Over the past year, I have heard several prominent female authors reference gender bias in corporate performance reviews. I started investigating the research about this phenomenon and it was alarming what I found.
For example, in her article The One Word Men Never See in Their Performance Reviews Kathleen Davis references a report for Fortune.com, where 248 performance reviews were collected from a range of start-up to large tech companies. In this report by linguist Kieran Snyder, the word “abrasive” was used to describe 13 women, but that word was never used once in a man’s review.
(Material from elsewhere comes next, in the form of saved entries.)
Lemma pyramid_le_cube K k : pyramid K <= (INR (2 * K + 3 + k) + 1) ^ 3.
Proof.
  unfold pyramid. rewrite !plus_INR, mult_INR. simpl INR.
  pose proof (pos_INR K). pose proof (pos_INR k).
  apply Rle_trans with ((2 * INR K + 4) ^ 3); [|apply pow_incr; lra].
  assert (0 <= (INR K + 1) * (INR K + 2)) by nra.
  assert ((INR K + 1) * (INR K + 2) <= (2 * INR K + 4) ^ 2) by nra.
  assert ((INR K + 1) * (INR K + 2) * (2 * INR K + 3) <= (2 * INR K + 4) ^ 3) by nra.
  unfold Rdiv. nra.
Qed.

Lemma boundary_term_bound s K : 4 < Re s ->
  Cmod (RtoC (pyramid K) * ctail (zterm s) (2 * K + 3))%C <=
  2 * Series (fun k => pterm (Re s - INR 3) (2 * K + 3 + k)).
Proof.
  intros Hs. set (j := (2 * K + 3)%nat).
  assert (Htail : Cmod (ctail (zterm s) j) <= 2 * Series (fun k => pterm (Re s) (j + k))).
  { rewrite <- (Series_ext (fun k => Cmod (zterm s (j + k)))) by (intros; apply Cmod_zterm).
    apply Cmod_CSeries. apply (ex_series_incr_n (fun n => Cmod (zterm s n))).
    apply zterm_norm_summable. lra. }
  assert (Hweight : pyramid K * Series (fun k => pterm (Re s) (j + k)) <=
                    Series (fun k => pterm (Re s - INR 3) (j + k))).
  { rewrite <- Series_scal_l. apply Series_le.
    - intros k. pose proof (pyramid_nonneg K). pose proof (pterm_pos (Re s) (j + k)).
      split; [nra|]. rewrite pterm_shift.
      apply Rmult_le_compat_r; [lra|apply pyramid_le_cube].
    - apply (ex_series_incr_n (pterm (Re s - INR 3))), pterm_summable. simpl INR. lra. }
  rewrite Cmod_mult, Cmod_R, Rabs_pos_eq by apply pyramid_nonneg.
  pose proof (pyramid_nonneg K).
  assert (pyramid K * Cmod (ctail (zterm s) j) <=
          pyramid K * (2 * Series (fun k => pterm (Re s) (j + k)))) by now apply Rmult_le_compat_l.
  lra.
Qed.

(* Squeezing against the vanishing tails of [pterm (Re s - 3)]. *)
Lemma boundary_term_vanishes s : 4 < Re s ->
  filterlim (fun K => RtoC (pyramid K) * ctail (zterm s) (2 * K + 3))%C
    eventually (locally (RtoC 0)).
Proof.
  intros Hs. apply (filterlim_norm_zero (V:=C_NormedModule)).
  match goal with |- filterlim ?f _ _ => change (is_lim_seq f 0) end.
  apply (is_lim_seq_le_le (fun _ => 0) _
           (fun K => 2 * Series (fun k => pterm (Re s - INR 3) (2 * K + 3 + k)))).
  - intros K. split; [apply Cmod_ge_0|now apply boundary_term_bound].
  - apply is_lim_seq_const.
  - replace (Finite 0) with (Rbar_mult 2 0) by (simpl; f_equal; ring).
    apply is_lim_seq_scal_l.
    apply (is_lim_seq_subseq (fun j => Series (fun k => pterm (Re s - INR 3) (j + k)))).
    + apply eventually_subseq. intros n. lia.
    + apply pterm_tail_vanishes. simpl INR. lra.
Qed.
Lemma sqr_enorm u : enorm u ^+ 2 = dotv u u.
Proof. by rewrite /enorm sqr_sqrtr // dotvv_ge0. Qed.

Lemma abs_dotv_le {M : R} {u w} :
  0 < M -> dotv w w <= M ^+ 2 * dotv u u -> `|dotv w u| <= M * dotv u u.
Proof.
move=> M_gt0 w_le.
have := dotvv_ge0 (w - M *: u); have := dotvv_ge0 (w + M *: u).
rewrite !(dotvDl, dotvDr, dotvNl, dotvNr, dotvZl, dotvZr) (dotvC u w) => ge0D ge0B.
by rewrite ler_norml; apply/andP; split; nra.
Qed.

End EuclideanInnerProduct.

Lemma is_derive_quadratic (R : realType) (A B c : R) :
  is_derive c 1 (fun s : R => s * A + s ^+ 2 * B) (A + 2 * c * B).
Proof.
have -> : (fun s : R => s * A + s ^+ 2 * B) = A \*: id + B \*: (id * id).
  by apply/funext => s; rewrite !fctE /= mulrC expr2 [_ * B]mulrC.
apply: is_derive_eq; change (A * 1 + B * (c * 1 + c * 1) = A + 2 * c * B); ring.
Qed.

Lemma le0_of_le_small_mul (R : realFieldType) (a c : R) :
  (forall t, 0 < t -> t <= 1 -> a <= t * c) -> a <= 0.
Proof.
move=> a_le; rewrite leNgt; apply/negP => a_gt0.
have a_le_c : a <= c by rewrite -[c]mul1r a_le.
have c_gt0 : 0 < c := lt_le_trans a_gt0 a_le_c.
have t_le1 : a / (2 * c) <= 1.
  by rewrite ler_pdivrMr ?mulr_gt0 // mul1r mulr_natl mulr2n (le_trans a_le_c) // lerDr ltW.
have := a_le _ _ t_le1; rewrite divr_gt0 ?mulr_gt0 // => /(_ isT).
have -> : a / (2 * c) * c = a / 2 by field; rewrite gt_eqF.
lra.
Qed.

Section SmoothFunction.
Context {R : realType} {d : nat} {f : 'rV[R]_d -> R} {g : 'rV[R]_d -> 'rV[R]_d} {L : R}.
Hypotheses (L_gt0 : 0 < L) (grad_g : is_gradient f g) (smooth_g : L_smooth L g).
Implicit Types x y u : 'rV[R]_d.

Lemma is_derive_line x u (t : R) :
  is_derive t 1 (fun s : R => f (s *: u + x)) (dotv (g (t *: u + x)) u).
Proof.
have [df dfE] := grad_g (t *: u + x).
have dline : is_diff t (fun s : R => s *: u + x) ( *:%R^~ u).
  have -> : (fun s : R => s *: u + x) = *:%R^~ u + cst x by [].
  by apply: is_diff_eq; rewrite addr0.
have dF : differentiable (f \o (fun s : R => s *: u + x)) t.
  exact: differentiable_comp.
apply: DeriveDef; first exact/derivable1_diffP.
by rewrite deriveE // diff_comp // diff_val /= scale1r dfE.
Qed.

(* The mean value theorem for s |-> f (s u + x) - s <g x, u> - s^2 B. *)
Lemma mean_value_line x u (B : R) : exists2 c : R, 0 < c &
  f (u + x) - f x - dotv (g x) u - B = dotv (g (c *: u + x) - g x) u - 2 * c * B.
Proof.
pose phi := (fun s : R => f (s *: u + x)) - (fun s => s * dotv (g x) u + s ^+ 2 * B).
have dphi (c : R) :
    is_derive c 1 phi (dotv (g (c *: u + x)) u - (dotv (g x) u + 2 * c * B)).
  by apply: is_deriveB; [exact: is_derive_line | exact: is_derive_quadratic].
have phi_cont := @derivable_within_continuous _ _ phi `[0, 1]
  (fun c _ => @ex_derive _ _ _ _ _ _ _ (dphi c)).
have [c /[!in_itv] /= /andP [c_gt0 _]] := MVT ltr01 (fun c _ => dphi c) phi_cont.
move=> E; exists c => //; rewrite dotvDl dotvNl.
have -> : f (u + x) - f x - dotv (g x) u - B = phi 1 - phi 0.
  by rewrite /phi !fctE scale1r scale0r add0r; ring.
by rewrite E; ring.
Qed.

Lemma dotv_grad_sub_le x u (c : R) : 0 < c ->
  `|dotv (g (c *: u + x) - g x) u| <= c * L * dotv u u.
Proof.
move=> c_gt0; set w := g (c *: u + x) - g x.
have w_le : dotv w w <= L ^+ 2 * dotv (c *: u) (c *: u).
  rewrite -!sqr_enorm -exprMn ler_pXn2r ?nnegrE ?sqrtr_ge0 //.
    by have := smooth_g (c *: u + x) x; rewrite addrK.
  by rewrite mulr_ge0 ?sqrtr_ge0 // ltW.
have := abs_dotv_le L_gt0 w_le; rewrite !(dotvZl, dotvZr) normrM gtr0_norm //.
by rewrite mulrCA ler_pM2l // -mulrA mulrCA.
Qed.

Lemma smooth_upper_bound x u :
  f (u + x) <= f x + dotv (g x) u + L / 2 * dotv u u.
Proof.
have [c c_gt0 E] := mean_value_line x u (L / 2 * dotv u u).
have /[!ler_norml] /andP [_ W_le] := dotv_grad_sub_le x u c c_gt0.
rewrite -subr_le0 (_ : _ - _ = f (u + x) - f x - dotv (g x) u - L / 2 * dotv u u).
  by rewrite E; lra.
by ring.
Qed.

Lemma smooth_lower_bound x u :
  f x + dotv (g x) u - L / 2 * dotv u u <= f (u + x).
Proof.
have [c c_gt0 E] := mean_value_line x u (- (L / 2 * dotv u u)).
have /[!ler_norml] /andP [W_ge _] := dotv_grad_sub_le x u c c_gt0.
rewrite -subr_ge0 (_ : _ - _ = f (u + x) - f x - dotv (g x) u - - (L / 2 * dotv u u)).
  by rewrite E; lra.
by ring.
Qed.

Lemma grad_sqr_le_gap xs y : (forall z, f xs <= f z) ->
  dotv (g y) (g y) <= 2 * L * (f y - f xs).
Proof.
move=> xs_min; have := le_trans (xs_min _) (smooth_upper_bound y (- (L^-1 *: g y))).
rewrite !(dotvNl, dotvNr, dotvZl, dotvZr) opprK; set G := dotv (g y) (g y).
have -> : L / 2 * (L^-1 * (L^-1 * G)) = G / (2 * L) by field; rewrite gt_eqF.
have -> : L^-1 * G = 2 * (G / (2 * L)) by field; rewrite gt_eqF.
move=> le_gap; rewrite {1}(_ : G = 2 * L * (G / (2 * L))); last by field; rewrite gt_eqF.
by rewrite ler_pM2l ?mulr_gt0 //; lra.
Qed.

Hypothesis convex_f : convex_fun f.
Furthermore, 71 women had negative feedback in their review (as opposed to constructive feedback), as opposed to only two men.
When it came to constructive feedback—the type you would expect to see in a performance review—81 men had only constructive feedback, versus 23 women. At the end of her article, Davis asks us to consider, “Why abrasive is an adjective reserved for women?”
Ask any woman who has worked in the corporate world for a few years, and most will refer to an instance in which they were told they were too meek, too aggressive, too harsh, too enthusiastic, etc. Yet men do not seem to get this same personal, negative feedback.
I remember one of my close friends telling me a few years ago that her dream for her daughter is that she can choose whatever career path she wants, without having to take into consideration childcare restrictions.
Yes, there are some innovative companies with fantastic options for childcare, but for the average Canadian family there are still major obstacles that women tend to be shouldering the burden for. The financial industry in Canada is a significant employer of women, yet in B.C. there are relatively few work arrangements that allow for the tele-commuting, flex-shifts and job-sharing that many working mothers desire.
Penelope Trunk, in her blog post A Fresh View of Feminism for 2015, talks about being a child soldier of the war for equality at work during that her mother was fighting during the 1970s. She points out that her childhood was a casualty of that war (being raised by questionable babysitters), but she is proud that she contributed to the choice that women now have: it is okay to choose NOT to chase after money and power. It is okay to want to spend part of your time or all of your time at home with your kids.
There are a lot of mothers out there who want to have a flexible work arrangement in order to be more available for their kids. But a quick look at the current job postings in the Vancouver area shows very few options that would allow that type of flexibility.
Arianna Huffington, author of Thrive and Editor-in-Chief at Huffington Post, told the audience at Emerging Women Live 2014 that we are in the midst of the third feminist revolution. She indicated that the first wave was fighting for the right to vote, the second was fighting for the right to do any job that men could do, and now the third is that we want to change the world, but on our own terms. Part of this movement requires us to re-evaluate where our energy is being invested.
While juggling all of the expectations from the roles we play at work and at home, most women struggle with taking care of their own needs. How can we expect to ignite change in the workplace (whether from inside or outside the corporate world) if we don’t have the energy to take care of our own basic needs?
This weekend we celebrate International Women’s Day. Before we choose which obstacles we want to tackle for the sake of the next generation, let’s take a moment to assess what deserves our energy. It’s a very personal question, but the answer will help steer us in the right direction as we push past the everyday obstacles in the corporate world.